A079935 a(n) = 4*a(n-1) - a(n-2) with a(1) = 1, a(2) = 3.

1, 3, 11, 41, 153, 571, 2131, 7953, 29681, 110771, 413403, 1542841, 5757961, 21489003, 80198051, 299303201, 1117014753, 4168755811, 15558008491, 58063278153, 216695104121, 808717138331, 3018173449203, 11263976658481

Offset

1,2

Comments

See A001835 for another version.

Greedy frac multiples of sqrt(3): a(1)=1, Sum_{n>0} frac(a(n)*x)) < 1 at x=sqrt(3).

The n-th greedy frac multiple of x is the smallest integer that does not cause Sum_{k=1..n} frac(a(k)*x) to exceed unity; an infinite number of terms appear as the denominators of the convergents to the continued fraction of x.

Binomial transform of A002605. - Paul Barry, Sep 17 2003

In general, Sum_{k=0..n} binomial(2n-k,k)*j^(n-k) = (-1)^n* U(2n, i*sqrt(j)/2), i=sqrt(-1). - Paul Barry, Mar 13 2005

The Hankel transform of this sequence is [1,2,0,0,0,0,0,0,0,0,0,...]. - Philippe Deléham, Nov 21 2007

From Richard Choulet, May 09 2010: (Start)

This sequence is a particular case of the following situation:

a(0)=1, a(1)=a, a(2)=b with the recurrence relation a(n+3) = (a(n+2)*a(n+1)+q)/a(n)

where q is given in Z to have Q = (a*b^2 + q*b + a + q)/(a*b) itself in Z.

The g.f is f: f(z) = (1 + a*z + (b-Q)*z^2 + (a*b + q - a*Q)*z^3)/(1 - Q*z^2 + z^4);

so we have the linear recurrence: a(n+4) = Q*a(n+2) - a(n).

The general form of a(n) is given by:

a(2*m) = Sum_{p=0..floor(m/2)} (-1)^p*binomial(m-p,p)*Q^(m-2*p) + (b-Q)*Sum_{p=0..floor((m-1)/2)} (-1)^p*binomial(m-1-p,p)*Q^(m-1-2*p) and

a(2*m+1) = a*Sum_{p=0..floor(m/2)} (-1)^p*binomial(m-p,p)*Q^(m-2*p) + (a*b+q-a*Q)*Sum_{p=0..floor((m-1)/2)} (-1)^p*binomial(m-1-p,p)*Q^(m-1-2*p).

(End)

x-values in the solution to 3*x^2 - 2 = y^2. - Sture Sjöstedt, Nov 25 2011

From Wolfdieter Lang, Oct 12 2020: (Start)

[X(n) = S(n, 4) - S(n-1, 4), Y(n) = X(n-1)] gives all positive solutions of X^2 + Y^2 - 4*X*Y = -2, for n = -oo..+oo, where the Chebyshev S-polynomials are given in A049310, with S(-1, 0) = 0, and S(-|n|, x) = - S(|n|-2, x), for |n| >= 2.

This binary indefinite quadratic form has discriminant D = +12. There is only this family representing -2 properly with X and Y positive, and there are no improper solutions.

See also the preceding comment by Sture Sjöstedt.
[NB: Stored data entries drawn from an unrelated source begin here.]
(* Let $\mathbb K=[-1,1]$ and $H(x,p)=v_+(x)(e^{2p}-1)+v_-(x)(e^{-2p}-1)$, where $v_\pm:[-1,1]\to[0,\infty)$ satisfy: $v_-(-1)=0$, $v_-(x)>0$ for $x\ne-1$, $v_+(1)=0$, $v_+(x)>0$ for $x\ne1$; $v_\pm$ extend to $C^2$ functions on an open set containing $[-1,1]$; $v_+'(1)<0$ and $v_-'(-1)>0$. Then $H$ satisfies Condition (H).
   Context: The Lagrangian is $\mathcal L(x,v)=\sup_{p\in\mathbb R}(pv-H(x,p))\in(-\infty,\infty]$. Condition (H) on $H:[-1,1]\times\mathbb R\to\mathbb R$: $H(x,0)=0$ for all $x$, and (H1) $H$ is $C^2$ with $\partial_p^2H>0$ on $[-1,1]\times\mathbb R$ and is the restriction of a $C^2$ function on $(-1-\epsilon,1+\epsilon)\times\mathbb R$ for some $\epsilon>0$. (H2) for every compact $K\subseteq(-1,1)$ there is $\theta_K:[0,\infty)\to[0,\infty)$ with $\theta_K(r)/r\to\infty$ as $r\to\infty$; for every $M\ge0$ a constant $k_M$ with $\theta_K(r+m)\le k_M(1+\theta_K(r))$ for all $m\in[0,M]$, $r\ge0$; constants $c_K,C_K$ with $\mathcal L(x,v)\ge\theta_K(|v|)-c_K$ and $|\partial_x\mathcal L(x,v)|+|\partial_v\mathcal L(x,v)|\le C_K\theta_K(|v|)$ for all $x\in K,v\in\mathbb R$. (H3) for each compact $K\subseteq(-1,1)$, $\lim_{|p|\to\infty}\inf_{x\in K}H(x,p)/|p|=\infty$; moreover $\lim_{p\to\infty}H(-1,p)/p=\infty$ and $\lim_{p\to-\infty}H(1,p)/(-p)=\infty$. (H4) $\lim_{x\to-1}\operatorname{argmin}_pH(x,p)=-\infty$ and $\lim_{x\to1}\operatorname{argmin}_pH(x,p)=+\infty$. (H5) there are $(y_n^+,q_n^+)\in(-1,1)\times(0,\infty)$ converging to $(1,+\infty)$ with $\partial_pH(y_n^+,q)\ge0$ for $q\ge q_n^+$ and $-\partial_xH(y,q_n^+)\ge0$ for $y\ge y_n^+$, and $(y_n^-,q_n^-)\in(-1,1)\times(-\infty,0)$ converging to $(-1,-\infty)$ with $\partial_pH(y_n^-,q)\le0$ for $q\le q_n^-$ and $-\partial_xH(y,q_n^-)\le0$ for $y\le y_n^-$. *)

From Stdlib Require Import Reals Lra Classical ClassicalEpsilon.
Open Scope R_scope.

Definition cont2_on (U : R -> R -> Prop) (f : R -> R -> R) : Prop :=
  forall x p, U x p -> forall e, 0 < e -> exists d, 0 < d /\
    forall y q, U y q -> Rabs (y - x) < d -> Rabs (q - p) < d ->
      Rabs (f y q - f x p) < e.

Definition C2_on (U : R -> R -> Prop)
  (G Gx Gp Gxx Gxp Gpx Gpp : R -> R -> R) : Prop :=
  (forall x p, U x p ->
     derivable_pt_lim (fun y => G y p) x (Gx x p) /\
     derivable_pt_lim (fun q => G x q) p (Gp x p) /\
     derivable_pt_lim (fun y => Gx y p) x (Gxx x p) /\
     derivable_pt_lim (fun q => Gx x q) p (Gxp x p) /\
     derivable_pt_lim (fun y => Gp y p) x (Gpx x p) /\
     derivable_pt_lim (fun q => Gp x q) p (Gpp x p)) /\
  cont2_on U G /\ cont2_on U Gx /\ cont2_on U Gp /\
  cont2_on U Gxx /\ cont2_on U Gxp /\ cont2_on U Gpx /\ cont2_on U Gpp.

Definition C2_on1 (U : R -> Prop) (g g1 g2 : R -> R) : Prop :=
  forall x, U x ->
    derivable_pt_lim g x (g1 x) /\ derivable_pt_lim g1 x (g2 x) /\
    continuity_pt g2 x.

Definition lag_set (H : R -> R -> R) (x v : R) : R -> Prop :=
  fun y => exists p, y = p * v - H x p.

Definition lag_finite (H : R -> R -> R) (x v : R) : Prop :=
  exists l, is_lub (lag_set H x v) l.

(* The Lagrangian L(x,v) = sup_p (p v - H(x,p)) (meaningful when finite). *)
Definition Lag (H : R -> R -> R) (x v : R) : R :=
  epsilon (inhabits 0) (fun l => is_lub (lag_set H x v) l).

Definition is_argmin (H : R -> R -> R) (x p : R) : Prop :=
  forall q, H x p <= H x q.

Definition subset_open_interval (K : R -> Prop) : Prop :=
  forall x, K x -> -1 < x < 1.

(* Condition (H) on H : [-1,1] x R -> R (H given as a total function;
   only its values on [-1,1] x R matter). *)
Definition ConditionH (H : R -> R -> R) : Prop :=
  (forall x, -1 <= x <= 1 -> H x 0 = 0) /\
  exists eps G Gx Gp Gxx Gxp Gpx Gpp,
    0 < eps /\
    C2_on (fun x _ => -1 - eps < x < 1 + eps) G Gx Gp Gxx Gxp Gpx Gpp /\
    (forall x p, -1 <= x <= 1 -> G x p = H x p) /\
    (forall x p, -1 <= x <= 1 -> 0 < Gpp x p) /\
    (forall K : R -> Prop, compact K -> subset_open_interval K ->
      exists theta : R -> R,
        (forall r, 0 <= r -> 0 <= theta r) /\
        (forall M, exists R0, 0 < R0 /\ forall r, R0 < r -> M < theta r / r) /\
        (forall M, 0 <= M -> exists kM, forall m r, 0 <= m <= M -> 0 <= r ->
            theta (r + m) <= kM * (1 + theta r)) /\
        exists cK CK, forall x v, K x ->
          lag_finite H x v /\
          theta (Rabs v) - cK <= Lag H x v /\
          exists Lx Lv,
            derivable_pt_lim (fun y => Lag H y v) x Lx /\
            derivable_pt_lim (fun w => Lag H x w) v Lv /\
            Rabs Lx + Rabs Lv <= CK * theta (Rabs v)) /\
    (forall K : R -> Prop, compact K -> subset_open_interval K ->
      forall M, exists R0, 0 < R0 /\ forall p, R0 < Rabs p ->
        forall x, K x -> M < H x p / Rabs p) /\
    (forall M, exists R0, 0 < R0 /\ forall p, R0 < p -> M < H (-1) p / p) /\
    (forall M, exists R0, 0 < R0 /\ forall p, p < - R0 -> M < H 1 p / (- p)) /\
    (forall M, exists d, 0 < d /\ forall x, -1 < x < 1 -> x < -1 + d ->
        (exists p, is_argmin H x p) /\ (forall p, is_argmin H x p -> p < - M)) /\
    (forall M, exists d, 0 < d /\ forall x, -1 < x < 1 -> 1 - d < x ->
        (exists p, is_argmin H x p) /\ (forall p, is_argmin H x p -> M < p)) /\
    (* (H5); partial derivatives are those of the C^2 extension G, which
       agree with (one-sided) partial derivatives of H on [-1,1] x R *)
    (exists yp qp : nat -> R,
        (forall n, -1 < yp n < 1 /\ 0 < qp n) /\
        Un_cv yp 1 /\ cv_infty qp /\
        (forall n q, qp n <= q -> 0 <= Gp (yp n) q) /\
        (forall n y, yp n <= y <= 1 -> 0 <= - Gx y (qp n))) /\
    (exists ym qm : nat -> R,
        (forall n, -1 < ym n < 1 /\ qm n < 0) /\
        Un_cv ym (-1) /\ cv_infty (fun n => - qm n) /\
        (forall n q, q <= qm n -> Gp (ym n) q <= 0) /\
        (forall n y, -1 <= y <= ym n -> - Gx y (qm n) <= 0)).

Definition Hex (vp vm : R -> R) (x p : R) : R :=
  vp x * (exp (2 * p) - 1) + vm x * (exp (- (2 * p)) - 1).

From Stdlib Require Import Reals Lra Classical ClassicalEpsilon.
From Stdlib Require Import List FunctionalExtensionality PropExtensionality.
From Coquelicot Require Import Coquelicot.
Open Scope R_scope.

(* With a = v_+(x) and b = v_-(x), H(x,p) = a (e^(2p) - 1) + b (e^(-2p) - 1).
   Where a, b > 0 the Legendre transform is explicit: the supremum of
   p v - H(x,p) is attained where e^(2p) is the positive root s of
   2 a s^2 - v s - 2 b, and by the envelope theorem its derivatives are
   -(a' (s - 1) + b' (1/s - 1)) in x and ln(s)/2 in v.  On a compact subset of
   (-1,1) the coefficients are bounded above and away from 0, so s and 1/s grow
   at most linearly in |v|; this gives (H2) with theta(r) = 1 + r + r ln(1+r)/4
   and the superlinearity (H3).  The minimiser of H(x,.) is ln(b/a)/4, which
   tends to -oo (resp. +oo) at the endpoint where b (resp. a) vanishes: (H4).
   For (H5), once p exceeds b/a the term a e^(2p) dominates, and near x = 1 the
   negative slope v_+' makes -dH/dx grow like e^(2p).  Since Condition (H) only
   sees H on [-1,1] x R, we may work with the C^2 extensions of v_+, v_-. *)

(** * The Legendre transform of the two-exponential Hamiltonian *)

Definition hexp (a b p : R) : R :=
  a * (exp (2 * p) - 1) + b * (exp (- (2 * p)) - 1).

Lemma Hex_hexp (vp vm : R -> R) x p : Hex vp vm x p = hexp (vp x) (vm x) p.
Proof. reflexivity. Qed.

Lemma hexp_opp a b p : hexp a b (- p) = hexp b a p.
Proof. unfold hexp. rewrite <- Ropp_mult_distr_r, Ropp_involutive. ring. Qed.

(* The value of [e^(2p)] at the maximiser of [p v - hexp a b p]: the positive
   root of [2 a s^2 - v s - 2 b]. *)
Definition opt_exp (a b v : R) : R := (v + sqrt (v * v + 16 * a * b)) / (4 * a).

Definition lagr (a b v : R) : R :=
  ln (opt_exp a b v) / 2 * v - a * (opt_exp a b v - 1) - b * (/ opt_exp a b v - 1).

Lemma opt_exp_spec a b v : 0 < a -> 0 < b ->
  0 < opt_exp a b v /\ 2 * a * opt_exp a b v * opt_exp a b v - v * opt_exp a b v - 2 * b = 0.
Proof.
  intros ha hb.
  pose proof (sqrt_pos (v * v + 16 * a * b)) as hS0.
  pose proof (sqrt_sqrt (v * v + 16 * a * b) ltac:(nra)) as hS.
  set (S := sqrt (v * v + 16 * a * b)) in *.
  assert (hvS : 0 < v + S) by nra.
  assert (E : 4 * a * opt_exp a b v = v + S) by (unfold opt_exp; fold S; field; lra).
  set (s := opt_exp a b v) in *.
  split; [nra|].
  assert (8 * a * (2 * a * s * s - v * s - 2 * b) = 0) by nra.
  apply Rmult_integral in H as [H|H]; lra.
Qed.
See the formula for a(n) = X(n-1), for n >= 1, in terms of S-polynomials below.

This comment is inspired by a paper by Robert K. Moniot (private communication). See his Oct 04 2020 comment in A027941 related to the case of x^2 + y^2 - 3*x*y = -1 (special Markov solutions). (End)

a(n) is also the output of Tesler's formula for the number of perfect matchings of an m x n Mobius band where m and n are both even, specialized to m=2. (The twist is on the length-n side.) - Sarah-Marie Belcastro, Feb 15 2022

Links

G. C. Greubel, Table of n, a(n) for n = 1..1000

Dalen Dockery, Marie Jameson, and Samuel Wilson, d-Fold Partition Diamonds, arXiv:2307.02579 [math.NT], 2023.

Tanya Khovanova, Recursive Sequences

Jaime Rangel-Mondragon, Polyominoes and Related Families, The Mathematica Journal, 9:3 (2005), pp. 609-640.

G. Tesler, Matchings in graphs on non-orientable surfaces, Journal of Combinatorial Theory B, 78(2000), 198-231.

Index entries for linear recurrences with constant coefficients, signature (4,-1).

Formula

For n > 0, a(n) = ceiling( (2+sqrt(3))^n/(3+sqrt(3)) ).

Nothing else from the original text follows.